We present DPIQN, a deep policy inference Q-network that targets multi-agent
systems composed of controllable agents, collaborators, and opponents that
interact with each other. We focus on one challenging issue in such
systems---modeling agents with varying strategies---and propose to employ
"policy features" learned from raw observations (e.g., raw images) of
collaborators and opponents by inferring their policies. DPIQN incorporates the
learned policy features as a hidden vector into its own deep Q-network (DQN),
such that it is able to predict better Q values for the controllable agents
than the state-of-the-art deep reinforcement learning models. We further
propose an enhanced version of DPIQN, called deep recurrent policy inference
Q-network (DRPIQN), for handling partial observability. Both DPIQN and DRPIQN
are trained by an adaptive training procedure, which adjusts the network's
attention to learn the policy features and its own Q-values at different phases
of the training process. We present a comprehensive analysis of DPIQN and
DRPIQN, and highlight their effectiveness and generalizability in various
multi-agent settings. Our models are evaluated in a classic soccer game
involving both competitive and collaborative scenarios. Experimental results
performed on 1 vs. 1 and 2 vs. 2 games show that DPIQN and DRPIQN demonstrate
superior performance to the baseline DQN and deep recurrent Q-network (DRQN)
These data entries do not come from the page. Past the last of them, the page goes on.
(* Let $m,n\ge 3$ with $m\neq n$. Let $\circ$ be any one of the four boolean operations union ($\cup$), intersection ($\cap$), difference ($\setminus$) and symmetric difference ($\oplus$). Then the state complexity of $U_m(a,b,\emptyset)\circ U_n(a,b,\emptyset)$ is exactly $mn$.
   Context: The state complexity of a regular language is the number of states of its minimal complete deterministic finite automaton (DFA). For $n\ge 3$, $\mathcal{U}_n(a,b,\emptyset)$ is the DFA over alphabet $\{a,b\}$ with state set $\{0,\dots,n-1\}$, initial state $0$, set of final states $\{n-1\}$, where input $a$ maps $i\mapsto i+1 \pmod n$ (a cycle of all states) and input $b$ swaps states $0$ and $1$ and fixes all other states. $U_n(a,b,\emptyset)$ is the language accepted by $\mathcal{U}_n(a,b,\emptyset)$. For languages $K,L$: $K\setminus L$ is set difference and $K\oplus L=(K\setminus L)\cup(L\setminus K)$. *)

From mathcomp Require Import all_boot.
Set Implicit Arguments. Unset Strict Implicit. Unset Printing Implicit Defensive.

Inductive sym := a | b.

Definition word := seq sym.
Definition language := word -> bool.

(* A complete DFA over {a,b} with k states, the states being 'I_k
   (every finite complete DFA is isomorphic to one of this form). *)
Record dfa (k : nat) := DFA {
  init  : 'I_k;
  delta : 'I_k -> sym -> 'I_k;
  final : pred 'I_k
}.

Definition accepts k (D : dfa k) (w : word) : bool :=
  final D (foldl (delta D) (init D) w).

Definition recognizes k (D : dfa k) (L : language) : Prop :=
  forall w, accepts D w = L w.

Definition state_complexity (L : language) (k : nat) : Prop :=
  (exists D : dfa k, recognizes D L) /\
  (forall k' (D : dfa k'), recognizes D L -> k <= k').

(* The DFA U_n(a,b,emptyset): states 0..n-1, initial 0, final {n-1},
   a : i |-> i+1 mod n, b : swaps 0 and 1, fixes the rest. *)
Definition u_step (n : nat) (i : nat) (c : sym) : nat :=
  match c with
  | a => i.+1 %% n
  | b => if i == 0 then 1 else if i == 1 then 0 else i
  end.

Definition U (n : nat) : language :=
  fun w => foldl (u_step n) 0 w == n.-1.

Inductive boolop := Union | Inter | Diff | SymDiff.

Definition bop (o : boolop) (x y : bool) : bool :=
  match o with
  | Union => x || y
  | Inter => x && y
  | Diff => x && ~~ y
  | SymDiff => x (+) y
  end.

Definition lang_op (o : boolop) (K L : language) : language :=
  fun w => bop o (K w) (L w).

From mathcomp Require Import all_boot zify.

(* Upper bound: the product automaton on pairs of states, accepting when the
   boolean operation applied to the two acceptance bits is true, recognizes the
   language; it has m*n states.

   Lower bound (fooling-set argument, [dfa_lower_bound]): every one of the m*n
   pairs of states is reachable from (0,0), and any two distinct pairs are
   distinguished by some suffix, so any DFA needs m*n states.
   - Reachability: a^t adds t to both components (mod m and mod n), while (ab)^t
     fixes 0 and rotates 1..k-1 cyclically.  For m < n this moves (0,y) to any
     (0,y'), hence any pair to any other ([reach_all]; here m ≠ n is used).
   - Distinguishability: letters act as permutations, so a word leading p to a
     target t leads q to a pair that agrees with t exactly where q agrees with p.
     A suitable target settles every case except symmetric difference with both
     components different; there the rotations (ab)^t, of the distinct periods
     m-1 and n-1, separate the two acceptance bits ([ab_separate]). *)

Definition run (k i : nat) (w : word) : nat := foldl (u_step k) i w.

Lemma run_cat k i w1 w2 : run k i (w1 ++ w2) = run k (run k i w1) w2.
Proof. by rewrite /run foldl_cat. Qed.

Lemma u_step_lt k i c : 2 <= k -> i < k -> u_step k i c < k.
Proof.
move=> hk hi; case: c => /=; first by rewrite ltn_pmod //; lia.
by case: ifP => _; [|case: ifP => _]; lia.
Qed.

Lemma run_lt k i w : 2 <= k -> i < k -> run k i w < k.
Proof. by move=> hk; elim: w i => [|c w IH] i hi //=; apply/IH/u_step_lt. Qed.

Lemma u_step_inj k i j c : i < k -> j < k -> u_step k i c = u_step k j c -> i = j.
Proof.
move=> hi hj; case: c => /=.
  by move=> /eqP; rewrite -(addn1 i) -(addn1 j) eqn_modDr !modn_small // => /eqP.
by repeat (case: eqP => ? /=); lia.
Qed.

Lemma run_eq k i j w : 2 <= k -> i < k -> j < k -> (run k i w == run k j w) = (i == j).
Proof.
move=> hk; elim: w i j => [|c w IH] i j hi hj //=.
rewrite IH ?u_step_lt //; apply/eqP/eqP => [|-> //]; exact: u_step_inj.
Qed.

Definition rep (t : nat) (w : word) : word := flatten (nseq t w).

Local Notation ab := [:: a; b].

Lemma rep_add t1 t2 w : rep (t1 + t2) w = rep t1 w ++ rep t2 w.
Proof. by rewrite /rep nseqD flatten_cat. Qed.

Lemma run_rep k i t w : run k i (rep t w) = iter t (fun j => run k j w) i.
Proof. by elim: t i => [|t IH] i //=; rewrite run_cat IH -iterSr. Qed.

Lemma run_a_pow k i t : i < k -> run k i (rep t [:: a]) = (i + t) %% k.
Proof.
move=> hi; rewrite run_rep; elim: t => [|t IH]; first by rewrite addn0 modn_small.
by rewrite iterS IH /run /= -(addn1 (_ %% _)) modnDml addn1 addnS.
Qed.

(* ab acts as the cycle (1 2 ... k-1) and fixes 0. *)
Lemma run_ab k x : 0 < x < k -> run k x ab = (x %% k.-1).+1.
Proof.
move=> /andP[x0 xk]; rewrite /run /=.
have [xk1|xk1] := eqVneq x.+1 k; first by rewrite -xk1 modnn /= modnn.
rewrite !modn_small; try lia.
by case: x x0 {xk xk1}.
Qed.

Lemma run_ab_pow0 k t : 2 <= k -> run k 0 (rep t ab) = 0.
Proof.
by move=> hk; rewrite run_rep; elim: t => [|t /= ->] //; rewrite /run /= modn_small.
Qed.

Lemma run_ab_pow k x t : 0 < x < k -> run k x (rep t ab) = ((x.-1 + t) %% k.-1).+1.
Proof.
move=> hx; have hk : 0 < k.-1 by lia.
rewrite run_rep; elim: t => [|t IH]; first by rewrite /= addn0 modn_small; lia.
rewrite iterS IH run_ab; last by have := ltn_pmod (x.-1 + t) hk; lia.
by rewrite -(addn1 ((x.-1 + t) %% _)) modnDml addn1 addnS.
Qed.

Lemma run_ab_reach k x y : 0 < x < k -> 0 < y < k ->
  run k x (rep (y + k.-1 - x) ab) = y.
Proof.
move=> hx hy; rewrite run_ab_pow // (_ : _ + _ = y.-1 + k.-1); last lia.
by rewrite modnDr modn_small; lia.
Qed.

Lemma run_ab_period k x : 0 < x < k -> run k x (rep k.-1 ab) = x.
Proof. by move=> hx; rewrite run_ab_pow // modnDr modn_small; lia. Qed.

(* Since the ab-cycles on the nonzero states of U_m and U_n have different
   lengths, some power of ab makes exactly one of the two states final:
   bring x to m-1, and if y is then n-1, rotate by m-1 more (for m < n). *)
Lemma ab_separate m n x y : m != n -> 0 < x < m -> 0 < y < n ->
  exists t, (run m x (rep t ab) == m.-1) != (run n y (rep t ab) == n.-1).
Proof.
wlog lt_mn : m n x y / m < n.
  move=> hwlog ne hx hy; case: (ltngtP m n) => [lt|gt|eq]; first exact: hwlog.
    by have [t ht] := hwlog n m y x gt (negbT (ltn_eqF gt)) hy hx; exists t; rewrite eq_sym.
  by rewrite eq eqxx in ne.
move=> _ hx hy.
have hm1 : 0 < m.-1 < m by lia.
have x_final := @run_ab_reach m x m.-1 hx hm1.
case: (eqVneq (run n y (rep (m.-1 + m.-1 - x) ab)) n.-1) => y_final; last first.
  by exists (m.-1 + m.-1 - x); rewrite x_final eqxx y_final.
exists (m.-1 + m.-1 - x + m.-1); rewrite !rep_add !run_cat x_final y_final.
rewrite run_ab_period // run_ab_pow; last lia.
rewrite (_ : _ + _ = m.-2 + n.-1); last lia.
by rewrite modnDr modn_small; [apply/eqP; lia | lia].
Qed.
models. We also explore scenarios in which collaborators or opponents
dynamically change their policies, and show that DPIQN and DRPIQN do lead to
better overall performance in terms of stability and mean scores.

本文介绍了 DPIQN 和 DRPIQN，这两个深度增强学习网络通过使用从协作者和对手的原始观察中推断出的策略特征来改进对可控制代理的 Q 值预测，适用于具有不同策略的协作者、对手和可控制代理的多智能体系统中。作者通过 1 对 1 和 2 对 2 的经典足球游戏等多种多智能体场景中的实验证明了这两个模型的高性能。